(Task material)

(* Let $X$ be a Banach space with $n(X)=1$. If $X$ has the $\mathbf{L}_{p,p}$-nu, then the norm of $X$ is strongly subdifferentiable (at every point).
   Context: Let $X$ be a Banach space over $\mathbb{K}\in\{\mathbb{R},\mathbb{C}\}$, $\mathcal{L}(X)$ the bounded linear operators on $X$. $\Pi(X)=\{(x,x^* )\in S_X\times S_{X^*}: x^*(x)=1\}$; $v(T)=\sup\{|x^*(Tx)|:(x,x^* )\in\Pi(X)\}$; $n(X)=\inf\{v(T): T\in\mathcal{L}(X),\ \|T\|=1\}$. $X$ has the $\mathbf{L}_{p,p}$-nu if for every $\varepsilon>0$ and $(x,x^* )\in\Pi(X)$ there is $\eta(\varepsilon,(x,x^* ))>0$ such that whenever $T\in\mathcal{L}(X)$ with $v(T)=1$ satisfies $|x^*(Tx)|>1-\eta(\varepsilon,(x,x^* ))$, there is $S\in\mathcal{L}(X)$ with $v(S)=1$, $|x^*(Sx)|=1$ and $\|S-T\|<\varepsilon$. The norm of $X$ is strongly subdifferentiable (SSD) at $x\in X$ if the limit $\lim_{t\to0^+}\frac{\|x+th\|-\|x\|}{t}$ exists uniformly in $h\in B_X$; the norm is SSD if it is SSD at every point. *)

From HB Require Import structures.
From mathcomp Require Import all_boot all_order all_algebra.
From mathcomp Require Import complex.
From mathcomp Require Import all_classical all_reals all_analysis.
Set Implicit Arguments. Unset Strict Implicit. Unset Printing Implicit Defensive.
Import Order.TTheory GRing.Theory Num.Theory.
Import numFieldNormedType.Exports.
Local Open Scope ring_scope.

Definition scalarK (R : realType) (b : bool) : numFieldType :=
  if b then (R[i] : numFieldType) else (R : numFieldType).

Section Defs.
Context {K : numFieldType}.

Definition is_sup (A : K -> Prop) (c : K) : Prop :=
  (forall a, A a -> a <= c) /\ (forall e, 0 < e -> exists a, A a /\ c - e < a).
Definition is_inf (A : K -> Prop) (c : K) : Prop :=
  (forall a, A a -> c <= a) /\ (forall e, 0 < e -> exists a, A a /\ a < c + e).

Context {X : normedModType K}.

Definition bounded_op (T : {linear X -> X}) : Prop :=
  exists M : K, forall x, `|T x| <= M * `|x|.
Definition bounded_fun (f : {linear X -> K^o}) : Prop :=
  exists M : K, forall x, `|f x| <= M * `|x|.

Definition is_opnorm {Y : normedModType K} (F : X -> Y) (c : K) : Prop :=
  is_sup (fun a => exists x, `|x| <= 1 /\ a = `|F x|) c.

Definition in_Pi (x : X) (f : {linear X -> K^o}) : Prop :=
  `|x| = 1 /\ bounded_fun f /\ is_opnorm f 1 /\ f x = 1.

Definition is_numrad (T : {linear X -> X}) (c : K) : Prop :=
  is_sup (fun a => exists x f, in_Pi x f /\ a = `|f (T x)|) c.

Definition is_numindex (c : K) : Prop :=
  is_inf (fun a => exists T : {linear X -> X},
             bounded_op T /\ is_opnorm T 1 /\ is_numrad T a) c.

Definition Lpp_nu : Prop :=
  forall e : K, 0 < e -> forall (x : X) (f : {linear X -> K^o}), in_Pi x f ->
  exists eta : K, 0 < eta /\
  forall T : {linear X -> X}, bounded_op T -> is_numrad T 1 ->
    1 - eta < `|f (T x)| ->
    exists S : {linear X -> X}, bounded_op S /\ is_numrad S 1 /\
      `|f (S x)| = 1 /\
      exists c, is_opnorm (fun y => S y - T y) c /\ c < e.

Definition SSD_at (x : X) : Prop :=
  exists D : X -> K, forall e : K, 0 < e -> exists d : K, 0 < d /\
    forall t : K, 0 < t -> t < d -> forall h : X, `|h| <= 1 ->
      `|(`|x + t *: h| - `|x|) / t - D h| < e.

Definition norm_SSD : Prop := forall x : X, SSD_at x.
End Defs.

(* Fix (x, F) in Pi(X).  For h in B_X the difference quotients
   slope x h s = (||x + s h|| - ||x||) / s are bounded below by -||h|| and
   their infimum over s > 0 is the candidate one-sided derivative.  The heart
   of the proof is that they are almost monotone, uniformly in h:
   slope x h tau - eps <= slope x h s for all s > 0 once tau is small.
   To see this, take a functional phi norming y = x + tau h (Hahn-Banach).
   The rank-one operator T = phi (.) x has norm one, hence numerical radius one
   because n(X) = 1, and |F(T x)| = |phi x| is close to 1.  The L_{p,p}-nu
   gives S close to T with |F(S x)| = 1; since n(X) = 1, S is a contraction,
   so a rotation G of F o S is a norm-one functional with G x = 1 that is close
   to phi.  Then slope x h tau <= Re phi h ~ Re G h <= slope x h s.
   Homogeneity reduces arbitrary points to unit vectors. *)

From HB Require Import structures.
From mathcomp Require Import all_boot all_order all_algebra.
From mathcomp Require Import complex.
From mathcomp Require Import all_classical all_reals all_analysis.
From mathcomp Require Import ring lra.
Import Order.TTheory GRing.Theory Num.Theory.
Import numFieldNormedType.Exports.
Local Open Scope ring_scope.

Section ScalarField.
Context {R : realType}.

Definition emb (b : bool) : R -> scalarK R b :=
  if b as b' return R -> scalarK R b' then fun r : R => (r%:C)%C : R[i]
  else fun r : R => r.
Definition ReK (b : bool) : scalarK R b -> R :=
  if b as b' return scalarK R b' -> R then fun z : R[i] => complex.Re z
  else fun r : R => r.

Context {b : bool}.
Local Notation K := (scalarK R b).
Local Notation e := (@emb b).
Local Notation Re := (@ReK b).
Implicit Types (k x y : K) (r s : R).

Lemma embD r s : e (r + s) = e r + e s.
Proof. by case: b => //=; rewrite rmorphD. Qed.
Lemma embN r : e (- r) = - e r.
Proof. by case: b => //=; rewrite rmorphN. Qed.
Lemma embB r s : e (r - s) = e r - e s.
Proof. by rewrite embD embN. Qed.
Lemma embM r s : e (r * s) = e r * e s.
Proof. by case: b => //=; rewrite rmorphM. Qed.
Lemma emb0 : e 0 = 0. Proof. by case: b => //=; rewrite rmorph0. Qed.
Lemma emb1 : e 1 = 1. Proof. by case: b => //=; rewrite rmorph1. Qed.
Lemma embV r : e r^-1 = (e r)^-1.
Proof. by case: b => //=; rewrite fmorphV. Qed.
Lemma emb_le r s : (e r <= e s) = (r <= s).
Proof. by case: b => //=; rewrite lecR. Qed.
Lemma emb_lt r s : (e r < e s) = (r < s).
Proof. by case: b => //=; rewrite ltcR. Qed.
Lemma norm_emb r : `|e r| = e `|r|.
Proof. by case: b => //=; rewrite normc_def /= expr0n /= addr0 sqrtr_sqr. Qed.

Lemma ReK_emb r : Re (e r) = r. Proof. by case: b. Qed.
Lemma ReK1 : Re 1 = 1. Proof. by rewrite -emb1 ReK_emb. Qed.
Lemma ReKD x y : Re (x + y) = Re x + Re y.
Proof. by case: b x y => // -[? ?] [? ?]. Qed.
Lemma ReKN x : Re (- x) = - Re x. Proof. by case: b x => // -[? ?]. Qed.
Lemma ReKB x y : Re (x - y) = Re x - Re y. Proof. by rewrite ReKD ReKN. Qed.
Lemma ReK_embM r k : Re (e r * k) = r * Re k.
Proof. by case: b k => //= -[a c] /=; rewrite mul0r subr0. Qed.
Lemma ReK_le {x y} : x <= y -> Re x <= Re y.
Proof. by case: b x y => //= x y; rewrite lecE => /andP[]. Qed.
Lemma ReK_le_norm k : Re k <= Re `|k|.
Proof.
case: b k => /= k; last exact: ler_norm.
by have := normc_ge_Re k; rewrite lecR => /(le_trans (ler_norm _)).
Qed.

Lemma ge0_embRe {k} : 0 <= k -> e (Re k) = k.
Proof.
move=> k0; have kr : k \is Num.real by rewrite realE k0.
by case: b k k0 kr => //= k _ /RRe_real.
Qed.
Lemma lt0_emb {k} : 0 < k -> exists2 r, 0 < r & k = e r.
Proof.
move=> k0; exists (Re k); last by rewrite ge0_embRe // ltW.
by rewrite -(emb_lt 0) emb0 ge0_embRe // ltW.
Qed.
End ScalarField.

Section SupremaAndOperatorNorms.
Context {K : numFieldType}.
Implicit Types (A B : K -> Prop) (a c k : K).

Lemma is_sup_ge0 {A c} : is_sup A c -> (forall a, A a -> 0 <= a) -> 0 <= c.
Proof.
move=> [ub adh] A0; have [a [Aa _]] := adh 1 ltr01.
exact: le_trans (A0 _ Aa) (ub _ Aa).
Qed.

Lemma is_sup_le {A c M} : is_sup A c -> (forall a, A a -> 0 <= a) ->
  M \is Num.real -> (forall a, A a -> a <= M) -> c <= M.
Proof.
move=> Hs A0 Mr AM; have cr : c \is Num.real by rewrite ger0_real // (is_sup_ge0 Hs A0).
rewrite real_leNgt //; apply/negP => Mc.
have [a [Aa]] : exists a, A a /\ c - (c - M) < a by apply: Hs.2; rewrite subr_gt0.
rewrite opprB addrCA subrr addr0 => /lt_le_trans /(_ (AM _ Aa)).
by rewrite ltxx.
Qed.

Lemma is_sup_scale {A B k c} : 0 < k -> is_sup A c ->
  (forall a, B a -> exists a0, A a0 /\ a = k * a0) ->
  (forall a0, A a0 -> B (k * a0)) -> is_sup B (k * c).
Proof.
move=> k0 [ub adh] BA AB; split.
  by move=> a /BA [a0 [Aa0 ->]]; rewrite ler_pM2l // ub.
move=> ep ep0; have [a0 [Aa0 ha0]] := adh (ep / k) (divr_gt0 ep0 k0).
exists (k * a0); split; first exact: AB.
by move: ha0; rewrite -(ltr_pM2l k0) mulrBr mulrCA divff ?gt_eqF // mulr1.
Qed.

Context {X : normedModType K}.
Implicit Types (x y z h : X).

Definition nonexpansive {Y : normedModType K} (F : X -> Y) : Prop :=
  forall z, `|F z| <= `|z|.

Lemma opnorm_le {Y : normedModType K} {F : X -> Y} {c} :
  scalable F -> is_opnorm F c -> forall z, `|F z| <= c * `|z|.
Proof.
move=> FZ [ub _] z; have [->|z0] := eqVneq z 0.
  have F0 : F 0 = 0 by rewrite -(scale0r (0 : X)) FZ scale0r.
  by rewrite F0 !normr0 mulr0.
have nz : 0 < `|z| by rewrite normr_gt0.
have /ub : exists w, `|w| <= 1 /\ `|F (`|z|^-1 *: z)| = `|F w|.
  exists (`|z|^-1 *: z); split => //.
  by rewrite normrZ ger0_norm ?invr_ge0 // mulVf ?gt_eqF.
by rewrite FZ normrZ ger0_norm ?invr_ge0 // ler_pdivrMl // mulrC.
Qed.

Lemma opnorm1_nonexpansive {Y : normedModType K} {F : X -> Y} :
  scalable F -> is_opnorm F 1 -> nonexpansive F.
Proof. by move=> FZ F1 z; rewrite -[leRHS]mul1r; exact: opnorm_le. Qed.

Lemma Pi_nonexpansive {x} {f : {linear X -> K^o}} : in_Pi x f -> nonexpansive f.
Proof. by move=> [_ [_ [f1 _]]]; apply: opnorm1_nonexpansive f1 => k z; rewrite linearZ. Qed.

(End Task material)

Action item = Every line from the one that has "by rewrite ltxx." down to the last line above must be written out exactly, with both ends included and nothing else.

Finished task =
by rewrite ltxx.
Qed.

Lemma is_sup_scale {A B k c} : 0 < k -> is_sup A c ->
  (forall a, B a -> exists a0, A a0 /\ a = k * a0) ->
  (forall a0, A a0 -> B (k * a0)) -> is_sup B (k * c).
Proof.
move=> k0 [ub adh] BA AB; split.
  by move=> a /BA [a0 [Aa0 ->]]; rewrite ler_pM2l // ub.
move=> ep ep0; have [a0 [Aa0 ha0]] := adh (ep / k) (divr_gt0 ep0 k0).
exists (k * a0); split; first exact: AB.
by move: ha0; rewrite -(ltr_pM2l k0) mulrBr mulrCA divff ?gt_eqF // mulr1.
Qed.

Context {X : normedModType K}.
Implicit Types (x y z h : X).

Definition nonexpansive {Y : normedModType K} (F : X -> Y) : Prop :=
  forall z, `|F z| <= `|z|.

Lemma opnorm_le {Y : normedModType K} {F : X -> Y} {c} :
  scalable F -> is_opnorm F c -> forall z, `|F z| <= c * `|z|.
Proof.
move=> FZ [ub _] z; have [->|z0] := eqVneq z 0.
  have F0 : F 0 = 0 by rewrite -(scale0r (0 : X)) FZ scale0r.
  by rewrite F0 !normr0 mulr0.
have nz : 0 < `|z| by rewrite normr_gt0.
have /ub : exists w, `|w| <= 1 /\ `|F (`|z|^-1 *: z)| = `|F w|.
  exists (`|z|^-1 *: z); split => //.
  by rewrite normrZ ger0_norm ?invr_ge0 // mulVf ?gt_eqF.
by rewrite FZ normrZ ger0_norm ?invr_ge0 // ler_pdivrMl // mulrC.
Qed.

Lemma opnorm1_nonexpansive {Y : normedModType K} {F : X -> Y} :
  scalable F -> is_opnorm F 1 -> nonexpansive F.
Proof. by move=> FZ F1 z; rewrite -[leRHS]mul1r; exact: opnorm_le. Qed.

Lemma Pi_nonexpansive {x} {f : {linear X -> K^o}} : in_Pi x f -> nonexpansive f.
Proof. by move=> [_ [_ [f1 _]]]; apply: opnorm1_nonexpansive f1 => k z; rewrite linearZ. Qed.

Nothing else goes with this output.